I derived the equation:

[tex]1+(y')^2-y y''-2y\left(1+(y')^2\right)^{3/2}=0[/tex]

Letting [itex]y'=p[/itex] and [itex]y''=p\frac{dp}{dy}[/itex], I obtain:

[tex]\frac{dp}{dy}=\frac{1+p^2-2y(1+p^2)^{3/2}}{yp}[/tex]

I believe it's tractable in p because Mathematica gives a relatively simple answer:

[tex]p=\begin{cases}\frac{i \sqrt{-y^2+y^4-4 y^2 C[1]+4 C[1]^2}}{y^2-2 C[1]}\\<br /> \\<br /> -\frac{i \sqrt{-y^2+y^4-4 y^2 C[1]+4 C[1]^2}}{y^2-2 C[1]}<br /> \end{cases}[/tex]
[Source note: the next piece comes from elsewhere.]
(* Let $X$ be a topological space with an open cover $(U_i)_{i\in I}$, and let $\mathcal{P}$ be a 2-gerbe on $X$. Suppose given two families of local trivializing data $(x_i,\phi_{ij},g_{ijk},m_{ijk})$ and $(x'_i,\phi'_{ij},g'_{ijk},m'_{ijk})$, together with comparison data $(\chi_i,\vartheta_{ij},\zeta_{ij})$, and let $\lambda_{ij},\nu_{ijkl},\lambda'_{ij},\nu'_{ijkl},B'_{ijk},r_i,R_i,b_{ijk},Z_{ij}$ be as defined in the context. Then over $U_{ijkl}$ the following two composite 2-arrows $$\lambda'_{ij}(g'_{jkl})\,g'_{ijl}\,\vartheta_{il}\ \Longrightarrow\ \lambda'_{ij}\lambda'_{jk}(\vartheta_{kl})\,\lambda'_{ij}(\vartheta_{jk})\,\vartheta_{ij}\,r_i(g_{ijk})\,r_i(g_{ikl})$$ coincide (i.e. the cube of 2-arrows with faces $r_i(\nu_{ijkl})$, $\nu'_{ijkl}$, $b_{ijk}$, $b_{ijl}$, $b_{ikl}$, $\lambda'_{ij}(b_{jkl})$, $Z_{ij}(g_{jkl})$ and $B'_{ijk}(\vartheta_{kl})$ commutes): (1) $(\lambda'_{ij}(g'_{jkl})\,b_{ijl})$, followed by $(\lambda'_{ij}(b_{jkl})\,\vartheta_{ij}\,r_i(g_{ijl}))$, followed by $(\lambda'_{ij}\lambda'_{jk}(\vartheta_{kl})\,\lambda'_{ij}(\vartheta_{jk})\,Z_{ij}(g_{jkl})\,r_i(g_{ijl}))$, followed by $(\lambda'_{ij}\lambda'_{jk}(\vartheta_{kl})\,\lambda'_{ij}(\vartheta_{jk})\,\vartheta_{ij}\,r_i(\nu_{ijkl}))$; (2) $(\nu'_{ijkl}\,\vartheta_{il})$, followed by $(g'_{ijk}\,b_{ikl})$, followed by $(B'_{ijk}(\vartheta_{kl})\,\vartheta_{ik}\,r_i(g_{ikl}))$, followed by $(\lambda'_{ij}\lambda'_{jk}(\vartheta_{kl})\,b_{ijk}\,r_i(g_{ikl}))$.
   Context: A 2-groupoid is a 2-category whose 1-arrows are invertible up to a 2-arrow and whose 2-arrows are strictly invertible. A 2-gerbe $\mathcal{P}$ on $X$ is a 2-stack in 2-groupoids on $X$ (a fibered 2-category in 2-groupoids over the open sets of $X$ whose arrow categories form stacks and for which 2-descent for objects is effective) which is locally non-empty and locally connected. For an object $x\in\mathcal{P}_U$, $\mathcal{G}_x$ is the group-like monoidal stack of 1-arrows $x\to x$ (tensor = composition). $U_{ij}=U_i\cap U_j$ etc.; everything is tacitly restricted to the relevant intersection. Composition of 1-arrows and whiskering are written by juxtaposition ($ab$ = first $b$ then $a$), $\circ$ denotes vertical composition of 2-arrows, and associativity constraints and structure isomorphisms of monoidal functors are suppressed. First data: objects $x_i\in\mathcal{P}_{U_i}$, 1-arrows $\phi_{ij}:x_j\to x_i$ over $U_{ij}$ with chosen quasi-inverses; the monoidal equivalence $\lambda_{ij}:\mathcal{G}_{x_j}\to\mathcal{G}_{x_i}$, $\gamma\mapsto\phi_{ij}\gamma\phi_{ij}^{-1}$, with natural 2-arrows $M_{ij}(\gamma):\phi_{ij}\gamma\Rightarrow\lambda_{ij}(\gamma)\phi_{ij}$; objects $g_{ijk}\in\mathcal{G}_{x_i}$ over $U_{ijk}$ and 2-arrows $m_{ijk}:g_{ijk}\phi_{ik}\Rightarrow\phi_{ij}\phi_{jk}$; and $\nu_{ijkl}:\lambda_{ij}(g_{jkl})g_{ijl}\Rightarrow g_{ijk}g_{ikl}$ the unique 2-arrow with $(\phi_{ij}m_{jkl})\circ(M_{ij}(g_{jkl})^{-1}\phi_{jl})\circ(\lambda_{ij}(g_{jkl})m_{ijl})=(m_{ijk}\phi_{kl})\circ(g_{ijk}m_{ikl})\circ(\nu_{ijkl}\phi_{il})$. The second data $x'_i,\phi'_{ij},\lambda'_{ij},M'_{ij},g'_{ijk},m'_{ijk},\nu'_{ijkl}$ are of exactly the same kind. For $\gamma\in\mathcal{G}_{x'_k}$, $B'_{ijk}(\gamma):g'_{ijk}\lambda'_{ik}(\gamma)\Rightarrow\lambda'_{ij}\lambda'_{jk}(\gamma)g'_{ijk}$ is the unique 2-arrow with $(\lambda'_{ij}\lambda'_{jk}(\gamma)m'_{ijk})\circ(B'_{ijk}(\gamma)\phi'_{ik})=(M'_{ij}(\lambda'_{jk}(\gamma))\phi'_{jk})\circ(\phi'_{ij}M'_{jk}(\gamma))\circ(m'_{ijk}\gamma)\circ(g'_{ijk}M'_{ik}(\gamma)^{-1})$. Comparison data: 1-arrows $\chi_i:x_i\to x'_i$ over $U_i$ (with quasi-inverses), inducing monoidal equivalences $r_i:\mathcal{G}_{x_i}\to\mathcal{G}_{x'_i}$, $u\mapsto\chi_iu\chi_i^{-1}$, with natural 2-arrows $R_i(u):\chi_iu\Rightarrow r_i(u)\chi_i$; objects $\vartheta_{ij}\in\mathcal{G}_{x'_i}$ over $U_{ij}$ and 2-arrows $\zeta_{ij}:\phi'_{ij}\chi_j\Rightarrow\vartheta_{ij}\chi_i\phi_{ij}$. Define $b_{ijk}:g'_{ijk}\vartheta_{ik}\Rightarrow\lambda'_{ij}(\vartheta_{jk})\vartheta_{ij}r_i(g_{ijk})$ over $U_{ijk}$ as the unique 2-arrow such that, as 2-arrows $g'_{ijk}\phi'_{ik}\chi_k\Rightarrow\lambda'_{ij}(\vartheta_{jk})\vartheta_{ij}\chi_i\phi_{ij}\phi_{jk}$, $$(\lambda'_{ij}(\vartheta_{jk})\zeta_{ij}\phi_{jk})\circ(M'_{ij}(\vartheta_{jk})\chi_j\phi_{jk})\circ(\phi'_{ij}\zeta_{jk})\circ(m'_{ijk}\chi_k)=(\lambda'_{ij}(\vartheta_{jk})\vartheta_{ij}\chi_im_{ijk})\circ(\lambda'_{ij}(\vartheta_{jk})\vartheta_{ij}R_i(g_{ijk})^{-1}\phi_{ik})\circ(b_{ijk}\chi_i\phi_{ik})\circ(g'_{ijk}\zeta_{ik}).$$ For $g\in\mathcal{G}_{x_j}$ over $U_{ij}$, define $Z_{ij}(g):\lambda'_{ij}(r_j(g))\vartheta_{ij}\Rightarrow\vartheta_{ij}r_i(\lambda_{ij}(g))$ as the unique 2-arrow such that $$(Z_{ij}(g)\chi_i\phi_{ij})\circ(\lambda'_{ij}(r_j(g))\zeta_{ij})=(\vartheta_{ij}R_i(\lambda_{ij}(g))\phi_{ij})\circ(\vartheta_{ij}\chi_iM_{ij}(g))\circ(\zeta_{ij}g)\circ(\phi'_{ij}R_j(g)^{-1})\circ(M'_{ij}(r_j(g))^{-1}\chi_j).$$ Finally $r_i(\nu_{ijkl}):r_i(\lambda_{ij}(g_{jkl}))r_i(g_{ijl})\Rightarrow r_i(g_{ijk})r_i(g_{ikl})$ and $\lambda'_{ij}(b_{jkl}):\lambda'_{ij}(g'_{jkl})\lambda'_{ij}(\vartheta_{jl})\Rightarrow\lambda'_{ij}\lambda'_{jk}(\vartheta_{kl})\lambda'_{ij}(\vartheta_{jk})\lambda'_{ij}(r_j(g_{jkl}))$ are the images of $\nu_{ijkl}$ and $b_{jkl}$ under the monoidal functors $r_i$ and $\lambda'_{ij}$. *)

Set Implicit Arguments.
Unset Strict Implicit.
I don't see how to get to that answer and I was wondering if someone here could help me with this.

Thanks,
Jack
 
on Phys.org
What does 'C[1]' represent?
 
SteamKing said:
What does 'C[1]' represent?

I should have changed that to just c. It's a constant:

[tex]p=\begin{cases}\frac{i \sqrt{-y^2+y^4-4 y^2 c+4 c^2}}{y^2-2 c}\\<br /> \\<br /> -\frac{i \sqrt{-y^2+y^4-4 y^2 c+4 c^2}}{y^2-2 c}<br /> \end{cases}[/tex]
 
Try the substitution

$$ w = \frac{\sqrt{1+p^2}}{y}.$$

You should find that

$$ \frac{dw}{dy} = -2y w^2,$$

which is separable.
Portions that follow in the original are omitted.